(Stored data)
********
Definition oet_round n t (v : 'I_n) : 'I_n := insubd v (oet_partner n t v).
Arguments oet_round : clear implicits.

Definition oet_strategy n := mkseq (oet_round n) (n - 2).

Lemma oet_partner_lt n t v : v < n -> oet_partner n t v < n.
Proof. by rewrite /oet_partner; case: ifP; lia. Qed.

Lemma oet_roundE n t v : oet_round n t v = oet_partner n t v :> nat.
Proof. by rewrite val_insubd oet_partner_lt. Qed.

Lemma oet_round_matching n t : is_matching (path_graph n) (oet_round n t).
Proof.
move=> v; split.
  apply: val_inj => /=; rewrite !oet_roundE /oet_partner.
  by case: v => v /= vn; case: ifP; case: ifP; lia.
have [|moved] := eqVneq (oet_round n t v) v; [by left | right].
move: moved; rewrite /path_graph -!val_eqE /= !oet_roundE /oet_partner.
by case: v => v /= vn; case: ifP; lia.
Qed.

(* Agents starting on an even vertex walk right, those starting on an odd
   vertex walk left; each waits one round at the end of the path and turns. *)
Definition oet_pos n t a :=
  if odd a then (if t <= a then a - t else t - a.+1)
  else (if a + t < n then a + t else n.*2 - (a + t).+1).

Lemma oet_posS n t a : t < n - 2 -> a < n ->
  oet_partner n t (oet_pos n t a) = oet_pos n t.+1 a.
Proof.
move=> tn an; rewrite /oet_partner /oet_pos; case: (boolP (odd a)) => oa.
  by case: (leqP t a); case: (leqP t.+1 a); case: ifP; lia.
by case: (ltnP (a + t) n); case: (ltnP (a + t.+1) n); case: ifP; lia.
Qed.

Lemma pos_oet_strategy n t (a : 'I_n) :
  t <= n - 2 -> pos (oet_strategy n) t a = oet_pos n t a :> nat.
Proof.
elim: t => [|t IHt] tn.
  by rewrite pos0 /oet_pos addn0 subn0 ltn_ord leq0n; case: odd.
rewrite posS ?size_mkseq // nth_mkseq // oet_roundE IHt 1?ltnW //.
exact: oet_posS tn (ltn_ord a).
Qed.

Lemma oet_pos_meet n a b : a < b < n ->
  exists2 t, t <= n - 2 & (oet_pos n t a).+1 = oet_pos n t b.
Proof.
case/andP=> ab bn; rewrite /oet_pos.
case: (boolP (odd a)) => oa; case: (boolP (odd b)) => ob;
  rewrite ?oa ?ob ?(negPf oa) ?(negPf ob).
- by exists (a./2 + b./2).+1; [lia | repeat case: ifP; lia].
- have [b_eq|ab1] := eqVneq b a.+1.
    by exists 0; [lia | rewrite leq0n; case: ifP; lia].
  by exists (n - b./2 + a./2); [lia | repeat case: ifP; lia].
- by exists (b./2 - a./2); [lia | repeat case: ifP; lia].
- by exists (n.-1 - a./2 - b./2); [lia | repeat case: ifP; lia].
Qed.

Lemma oet_strategy_acq n : acq_strategy (path_graph n) (oet_strategy n).
Proof.
split=> [i | ].
  by rewrite size_mkseq => i_lt; rewrite nth_mkseq //; apply: oet_round_matching.
have meet (a b : 'I_n) :
    a < b -> acquainted (path_graph n) (oet_strategy n) a b.
  move=> ab; have [|t tn hmeet] := @oet_pos_meet n a b; first by rewrite ab /=.
  exists t; rewrite size_mkseq; split=> //.
  by rewrite /path_graph !pos_oet_strategy // hmeet eqxx.
move=> a b; case: (ltngtP a b) => [/meet // | /meet [t [tn hba]] _ | /val_inj ->].
  by exists t; split; last by rewrite /path_graph orbC.
by rewrite eqxx.
Qed.

Theorem theorem3p1 (n : nat) (hn : 2 <= n) :
  acq_time_is (path_graph n) (n - 2) /\ acq_time_is (barbell_graph n) (n - 2).
Proof.
have size_oet : size (oet_strategy n) = n - 2 by rewrite size_mkseq.
have path_in_barbell := acq_strategy_sub (@path_sub_barbell n).
split; split.
- by exists (oet_strategy n); split; last exact: oet_strategy_acq.
- by move=> s /path_in_barbell; apply: barbell_size_strategy_ge.
- exists (oet_strategy n); split=> //.
  exact/path_in_barbell/oet_strategy_acq.
- exact: barbell_size_strategy_ge.
Qed.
********
- Problem requirements: Restate word for word the lines of the data above, starting at the line containing "Lemma oet_round_matching n" and ending at the line containing "elim: t => [|t IHt] tn.", both included, and nothing more.

- Answer below:
Lemma oet_round_matching n t : is_matching (path_graph n) (oet_round n t).
Proof.
move=> v; split.
  apply: val_inj => /=; rewrite !oet_roundE /oet_partner.
  by case: v => v /= vn; case: ifP; case: ifP; lia.
have [|moved] := eqVneq (oet_round n t v) v; [by left | right].
move: moved; rewrite /path_graph -!val_eqE /= !oet_roundE /oet_partner.
by case: v => v /= vn; case: ifP; lia.
Qed.

(* Agents starting on an even vertex walk right, those starting on an odd
   vertex walk left; each waits one round at the end of the path and turns. *)
Definition oet_pos n t a :=
  if odd a then (if t <= a then a - t else t - a.+1)
  else (if a + t < n then a + t else n.*2 - (a + t).+1).

Lemma oet_posS n t a : t < n - 2 -> a < n ->
  oet_partner n t (oet_pos n t a) = oet_pos n t.+1 a.
Proof.
move=> tn an; rewrite /oet_partner /oet_pos; case: (boolP (odd a)) => oa.
  by case: (leqP t a); case: (leqP t.+1 a); case: ifP; lia.
by case: (ltnP (a + t) n); case: (ltnP (a + t.+1) n); case: ifP; lia.
Qed.

Lemma pos_oet_strategy n t (a : 'I_n) :
  t <= n - 2 -> pos (oet_strategy n) t a = oet_pos n t a :> nat.
Proof.
elim: t => [|t IHt] tn.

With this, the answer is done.